Research and development

The company has nine manufacturing units within India and plants in Egypt, Saudi Arabia, Bangladesh and Dubai. All these are ISO 22000:2005 certified plants with additional HACCP and FSSAI certificates. Plans are afoot to set up a new production facility in Andhra Pradesh for the powder drink segment. Rasna has a strong distribution network with 26 depots, 5,000 stockists, 200 super stockists and about 1.6 million outlets.

An advanced research & development centre constantly experiments with new flavours and processes, even as it maintains stringent quality control measures. The packaging, such as jars, glass bottles, sachets, flow packs, and stand-up pouches, for all Rasna products is world-class, ensuring flavour retention, moisture proofing and freshness for a long time.

Rasna was one of the first brands to recognise the child as an influencer for household product purchase. Recognising societal changes that resulted in children going from cute to smart and fashionable, it repositioned its products constantly to differentiate itself from other brands. But after the initial years, when it used only children in its ads, the company realised the need to use role models and went for famous brand ambassadors from the film industry and cricket.

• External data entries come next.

(* There exist a formula $\phi$ of $\mathcal{D}(\mathsf{M})$, a structure $\mathfrak A$, a team $X$ over $\mathfrak A$ and a set of variables $V$ with $\mathrm{Fr}(\phi)\subseteq V\subseteq\mathrm{dom}(X)$ such that $\mathfrak A\models_{X\upharpoonright V}\phi$ but $\mathfrak A\not\models_X\phi$. That is, the truth of a $\mathcal{D}(\mathsf{M})$-formula in a team may depend on the values of variables that do not occur free in the formula.
   Context: All structures are finite. Dependence logic with majority, $\mathcal{D}(\mathsf{M})[\tau]$: formulas over a vocabulary $\tau$ in negation normal form, built from first-order literals (atomic formulas and negated atomic formulas), dependence atoms $=\!(t_1,\dots,t_n)$ ($t_i$ terms) and their negations $\neg=\!(t_1,\dots,t_n)$, using $\wedge$, $\vee$, $\exists x$, $\forall x$ and $\mathsf{M}x$. $\mathrm{Fr}(\phi)$ denotes the set of free variables, defined as in first-order logic ($\mathsf{M}x$ binds $x$), where the free variables of $=\!(t_1,\dots,t_n)$ are all variables occurring in $t_1,\dots,t_n$. A team $X$ over a structure $\mathfrak A$ with domain $A$ and with finite variable domain $\mathrm{dom}(X)$ is a set of assignments $s:\mathrm{dom}(X)\to A$. For $V\subseteq\mathrm{dom}(X)$, $X\upharpoonright V=\{s\upharpoonright V: s\in X\}$. For $F:X\to A$ let $X(F/x)=\{s(F(s)/x): s\in X\}$ and $X(A/x)=\{s(a/x): s\in X, a\in A\}$, where $s(a/x)$ agrees with $s$ except that it maps $x$ to $a$. Satisfaction $\mathfrak A\models_X\phi$ (for teams whose domain contains the free variables of $\phi$): for a first-order literal, every $s\in X$ satisfies it in the usual sense; $\mathfrak A\models_X =\!(t_1,\dots,t_n)$ iff any $s,s'\in X$ giving equal values to $t_1,\dots,t_{n-1}$ give equal values to $t_n$ ($=\!()$ is always true); $\mathfrak A\models_X\neg=\!(t_1,\dots,t_n)$ iff $X=\emptyset$; $\mathfrak A\models_X\psi\wedge\chi$ iff both hold; $\mathfrak A\models_X\psi\vee\chi$ iff $X=Y\cup Z$ with $\mathfrak A\models_Y\psi$ and $\mathfrak A\models_Z\chi$; $\mathfrak A\models_X\exists x\psi$ iff $\mathfrak A\models_{X(F/x)}\psi$ for some $F:X\to A$; $\mathfrak A\models_X\forall x\psi$ iff $\mathfrak A\models_{X(A/x)}\psi$; $\mathfrak A\models_X\mathsf{M}x\psi$ iff for at least $|A|^{|X|}/2$ many functions $F:X\to A$ we have $\mathfrak A\models_{X(F/x)}\psi$. *)

From HB Require Import structures.
From mathcomp Require Import all_boot.
Set Implicit Arguments. Unset Strict Implicit. Unset Printing Implicit Defensive.

Record vocabulary := Vocabulary {
  fsym : Type; farity : fsym -> nat;
  rsym : Type; rarity : rsym -> nat }.

Inductive term (tau : vocabulary) : Type :=
  | tvar of nat
  | tapp (f : fsym tau) of seq (term tau).

Inductive atom (tau : vocabulary) : Type :=
  | AEq of term tau & term tau
  | ARel (r : rsym tau) of seq (term tau).

(* formulas of D(M) in negation normal form *)
Inductive formula (tau : vocabulary) : Type :=
  | FLit of bool & atom tau              (* FLit true a = a, FLit false a = ~ a *)
  | FDep of seq (term tau)
  | FNDep of seq (term tau)
  | FAnd of formula tau & formula tau
  | FOr of formula tau & formula tau
  | FEx of nat & formula tau
  | FAll of nat & formula tau
  | FMaj of nat & formula tau.

Section Syntax.
Variable tau : vocabulary.

Fixpoint term_vars (t : term tau) : seq nat :=
  match t with
  | tvar x => [:: x]
  | tapp _ ts => (fix go (l : seq (term tau)) : seq nat :=
                   match l with [::] => [::] | u :: l' => term_vars u ++ go l' end) ts
  end.

Fixpoint wf_term (t : term tau) : bool :=
  match t with
  | tvar _ => true
  | tapp f ts => (size ts == farity f) &&
                 (fix go (l : seq (term tau)) : bool :=
                   match l with [::] => true | u :: l' => wf_term u && go l' end) ts
  end.

Definition atom_vars (a : atom tau) : seq nat :=
  match a with
  | AEq t1 t2 => term_vars t1 ++ term_vars t2
  | ARel _ ts => flatten (map term_vars ts)
  end.

Definition wf_atom (a : atom tau) : bool :=
  match a with
  | AEq t1 t2 => wf_term t1 && wf_term t2
  | ARel r ts => (size ts == rarity r) && all wf_term ts
  end.

Fixpoint Fr (phi : formula tau) : seq nat :=
  match phi with
  | FLit _ a => atom_vars a
  | FDep ts | FNDep ts => flatten (map term_vars ts)
  | FAnd p q | FOr p q => Fr p ++ Fr q
  | FEx x p | FAll x p | FMaj x p => [seq y <- Fr p | y != x]
  end.

Fixpoint wf_formula (phi : formula tau) : bool :=
  match phi with
  | FLit _ a => wf_atom a
  | FDep ts | FNDep ts => all wf_term ts
  | FAnd p q | FOr p q => wf_formula p && wf_formula q
  | FEx _ p | FAll _ p | FMaj _ p => wf_formula p
  end.
End Syntax.

Record structure (tau : vocabulary) := Structure {
  carrier : finType;
  funi : forall f : fsym tau, (farity f).-tuple carrier -> carrier;
  reli : forall r : rsym tau, (rarity r).-tuple carrier -> bool }.

Section Semantics.
Variable tau : vocabulary.
Variable M : structure tau.
Local Notation A := (carrier M).

(* An assignment with (finite) variable domain D (a list of variables read
   as a set) is a function from the elements of D to A. *)
Definition assign (D : seq nat) := {ffun seq_sub D -> A}.
Definition team (D : seq nat) := {set assign D}.

Definition lookup D (s : assign D) (x : nat) : option A := omap s (insub x).

Fixpoint eval D (s : assign D) (t : term tau) : option A :=
  match t with
  | tvar x => lookup s x
  | tapp f ts =>
      let vs := (fix go (l : seq (term tau)) : option (seq A) :=
                   match l with
                   | [::] => Some [::]
                   | u :: l' => match eval s u, go l' with
                                | Some a, Some r => Some (a :: r)
                                | _, _ => None end
                   end) ts in
      match vs with
      | Some v => omap (@funi tau M f) (insub v)
      | None => None
      end
  end.

Definition eval_seq D (s : assign D) (ts : seq (term tau)) : seq (option A) :=
  map (eval s) ts.

Definition all_some (l : seq (option A)) : option (seq A) :=
  foldr (fun o r => match o, r with Some a, Some r' => Some (a :: r') | _, _ => None end)
        (Some [::]) l.

Definition atom_holds D (s : assign D) (a : atom tau) : bool :=
  match a with
  | AEq t1 t2 => match eval s t1, eval s t2 with
                 | Some a1, Some a2 => a1 == a2 | _, _ => false end
  | ARel r ts => match all_some (eval_seq s ts) with
                 | Some vs => match insub vs with
                              | Some t => @reli tau M r t | None => false end
                 | None => false
                 end
  end.

Definition upd D (x : nat) (a : A) (s : assign D) : assign (x :: D) :=
  [ffun y : seq_sub (x :: D) => if val y == x then a else odflt a (lookup s (val y))].

Definition supp D (X : team D) (x : nat)
    (F : {ffun {s : assign D | s \in X} -> A}) : team (x :: D) :=
  [set upd x (F s) (val s) | s : {s : assign D | s \in X}].

Definition dupl D (X : team D) (x : nat) : team (x :: D) :=
  [set upd x a s | s in X, a in [set: A]].

Definition restr D (X : team D) (V : seq nat) : team V :=
  [set r : assign V | [exists s in X, [forall y : seq_sub V, lookup s (val y) == Some (r y)]]].

Definition dep_holds D (X : team D) (ts : seq (term tau)) : bool :=
  match ts with
  | [::] => true
  | _ => [forall s in X, forall s' in X,
            (eval_seq s (belast (head (tvar tau 0) ts) (behead ts)) ==
             eval_seq s' (belast (head (tvar tau 0) ts) (behead ts))) ==>
            (eval s (last (head (tvar tau 0) ts) (behead ts)) ==
             eval s' (last (head (tvar tau 0) ts) (behead ts)))]
  end.

Fixpoint sat (phi : formula tau) : forall D, team D -> bool :=
  match phi with
  | FLit true a => fun D X => [forall s in X, atom_holds s a]
  | FLit false a => fun D X => [forall s in X, ~~ atom_holds s a]
  | FDep ts => fun D X => dep_holds X ts
  | FNDep _ => fun D X => X == set0
  | FAnd p q => fun D X => sat p X && sat q X
  | FOr p q => fun D X => [exists Y : team D, exists Z : team D,
                             (X == Y :|: Z) && sat p Y && sat q Z]
  | FEx x p => fun D X => [exists F : {ffun {s : assign D | s \in X} -> A},
                             sat p (supp x F)]
  | FAll x p => fun D X => sat p (dupl X x)
  | FMaj x p => fun D X =>
      #|A| ^ #|X| <= 2 * #|[set F : {ffun {s : assign D | s \in X} -> A} |
                            sat p (supp x F)]|
  end.
End Semantics.

(* Over any structure with universe A, consider phi := M x (x = y) with y <> x
   and y in the domain D of a team X.  A supplement function F : X -> A makes
   x = y true in X(F/x) exactly when F copies the value of y, so exactly one F
   works and  A |=_X phi  iff  |A|^|X| <= 2  (lemma sat_maj_copy).  For the
   two-element universe this says |X| <= 1.

   Take D = {1, 2}, x = 0, y = 1 and the team X of two assignments that agree
   on y but differ on 2.  Then |X| = 2, so phi fails in X, whereas all members
   of X agree on V = {y}, so X restricted to V has a single element
   (lemma card_restr_le1) and phi holds there. *)

From HB Require Import structures.
From mathcomp Require Import all_boot.
Set Implicit Arguments. Unset Strict Implicit. Unset Printing Implicit Defensive.

Section TeamSemantics.
Variables (tau : vocabulary) (M : structure tau).

Lemma lookup_in D (s : assign M D) x (xD : x \in D) :
  lookup s x = Some (s (Sub x xD)).
Proof. by rewrite /lookup insubT. Qed.

Lemma lookup_upd_same D x a (s : assign M D) : lookup (upd x a s) x = Some a.
Proof. by rewrite (lookup_in _ (mem_head x D)) ffunE /= eqxx. Qed.

Lemma lookup_upd_other D x y a (s : assign M D) (yD : y \in D) :
  y != x -> lookup (upd x a s) y = Some (s (Sub y yD)).
Proof.
move=> yx; have yxD : y \in x :: D by rewrite inE yD orbT.
by rewrite (lookup_in _ yxD) ffunE /= (negbTE yx) (lookup_in _ yD).
Qed.

Lemma card_restr_le1 D (X : team M D) (V : seq nat) :
  {in X &, forall s s', {in V, forall y, lookup s y = lookup s' y}} ->
  #|restr X V| <= 1.
Proof.
move=> agree; apply/card_le1_eqP => r r'.
rewrite !inE => /existsP[s /andP[Xs rs]] /existsP[s' /andP[Xs' rs']].
apply/ffunP => y.
have /eqP sy := forallP rs y; have /eqP s'y := forallP rs' y.
by move: sy; rewrite (agree s s') ?(valP y) // s'y => -[].
Qed.

End TeamSemantics.

Definition eq_vars (tau : vocabulary) (x y : nat) : formula tau :=
  FLit true (AEq (tvar tau x) (tvar tau y)).

Section CopyMajority.
Variables (tau : vocabulary) (M : structure tau) (D : seq nat) (X : team M D).
Variables (x y : nat) (yD : y \in D) (yx : y != x).

Local Notation supplement := {ffun {s : assign M D | s \in X} -> carrier M}.

Definition copy_fun : supplement :=
  [ffun s => (val s : assign M D) (Sub y yD : seq_sub D)].

Lemma sat_eq_supp (F : supplement) :
  sat (eq_vars tau x y) (supp x F) =
  [forall s, F s == (val s : assign M D) (Sub y yD : seq_sub D)].
Proof.
apply/forallP/forallP => Fcopies.
- move=> s; have := Fcopies (upd x (F s) (val s)).
  rewrite (imset_f (fun s => upd x (F s) (val s))) ?inE //=.
  by rewrite lookup_upd_same (lookup_upd_other _ _ yD).
- move=> t; apply/implyP => /imsetP[s _ ->] /=.
  by rewrite lookup_upd_same (lookup_upd_other _ _ yD).
Qed.

Lemma good_supplements :
  [set F : supplement | sat (eq_vars tau x y) (supp x F)] = [set copy_fun].
Proof.
apply/setP => F; rewrite !inE sat_eq_supp; apply/forallP/eqP.
- by move=> Fcopies; apply/ffunP => s; rewrite ffunE; apply/eqP.
- by move=> -> s; rewrite ffunE.
Qed.

(* So M x (x = y) holds in X iff one function out of |A|^|X| is at least half. *)
Lemma sat_maj_copy :
  sat (FMaj x (eq_vars tau x y)) X = (#|carrier M| ^ #|X| <= 2).
Proof. by rewrite /= good_supplements cards1 muln1. Qed.

End CopyMajority.

Definition tau0 := Vocabulary (fun _ : void => 0) (fun _ : void => 0).
Definition M0 : structure tau0 :=
  @Structure tau0 bool (fun f => match f with end) (fun r => match r with end).

Definition s0 : assign M0 [:: 1; 2] := [ffun _ => false].
Definition s1 : assign M0 [:: 1; 2] := [ffun v => val v == 2].
Definition X0 : team M0 [:: 1; 2] := [set s0; s1].

Lemma X0_agree_on_1 :
  {in X0 &, forall s s', {in [:: 1], forall y, lookup s y = lookup s' y}}.
Proof.
have val1 s : s \in X0 -> lookup s 1 = Some false.
  by rewrite !inE => /orP[] /eqP ->; rewrite (lookup_in _ (mem_head 1 _)) ffunE.
by move=> s s' Xs Xs' y; rewrite inE => /eqP ->; rewrite !val1.
Qed.

Lemma s0_neq_s1 : s0 != s1.
Proof.
apply/negP => /eqP /ffunP /(_ (Sub 2 (isT : 2 \in [:: 1; 2]))).
by rewrite !ffunE.
Qed.

Theorem mainTheorem4 :
  exists (tau : vocabulary) (phi : formula tau) (M : structure tau)
         (D : seq nat) (X : team M D) (V : seq nat),
    0 < #|carrier M| /\ wf_formula phi /\
    {subset Fr phi <= V} /\ {subset V <= D} /\
    sat phi (restr X V) /\ ~~ sat phi X.
Proof.
exists tau0, (FMaj 0 (eq_vars tau0 0 1)), M0, [:: 1; 2], X0, [:: 1].
have maj_bool n : (2 ^ n <= 2) = (n <= 1) by rewrite -{2}(expn1 2) leq_exp2l.
split; first by rewrite card_bool.
split; first by [].
split; first by [].
split; first by move=> v; rewrite !inE => /eqP ->.
rewrite !(@sat_maj_copy _ _ _ _ 0 1) // card_bool !maj_bool.
split; first exact: card_restr_le1 X0_agree_on_1.
by rewrite cards2 s0_neq_s1.
Qed.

It conducts consumer research with several focus groups every year. This enables it to understand shifts in consumer perception of ads, communication, packaging and tastes, and plan accordingly for the next year. The company’s strength lies in it being a family-owned business, but with a professional approach. It is available in most villages with a population of over 5,000 and has a market share of 85 per cent in the ₹1,000-crore powdered drink concentrates segment. The orange flavour remains its biggest hit to date. Its products are available in more than 50 countries, with foreign markets reportedly accounting for 30 per cent of the sales. Rasna’s products are also available on e-commerce platforms such as Amazon and Big Basket.

Social work

Rasna’s CSR activities are conducted through the Areez Khambatta Benevolent Trust. The focus is mainly on healthcare (affordable radiation therapy for poor cancer patients and free eye surgeries) and education (scholarships of up to ₹10 lakh for deserving students among the underprivileged classes). The Khambatta Centre for Excellence offers MBA courses at Ahmedabad, in collaboration with the University of North Texas. To promote cleanliness and sanitation right from childhood, and in keeping with the Swachch Bharat Abhiyan scheme, colour-coded dustbins have been distributed to educational institutions.

Rasna has twice been voted Entrepreneur of the Year; it has also won the Rotary Award for Professional Excellence (twice) and India’s Greatest Brand Builder Award. International awards include the prestigious International Taste and Quality Instituteaward, the Monde Selection Quality award, the London International Award for Package Design, the World Brand Congress ‘Master Brand’ award and the 2010 Cannes Lions.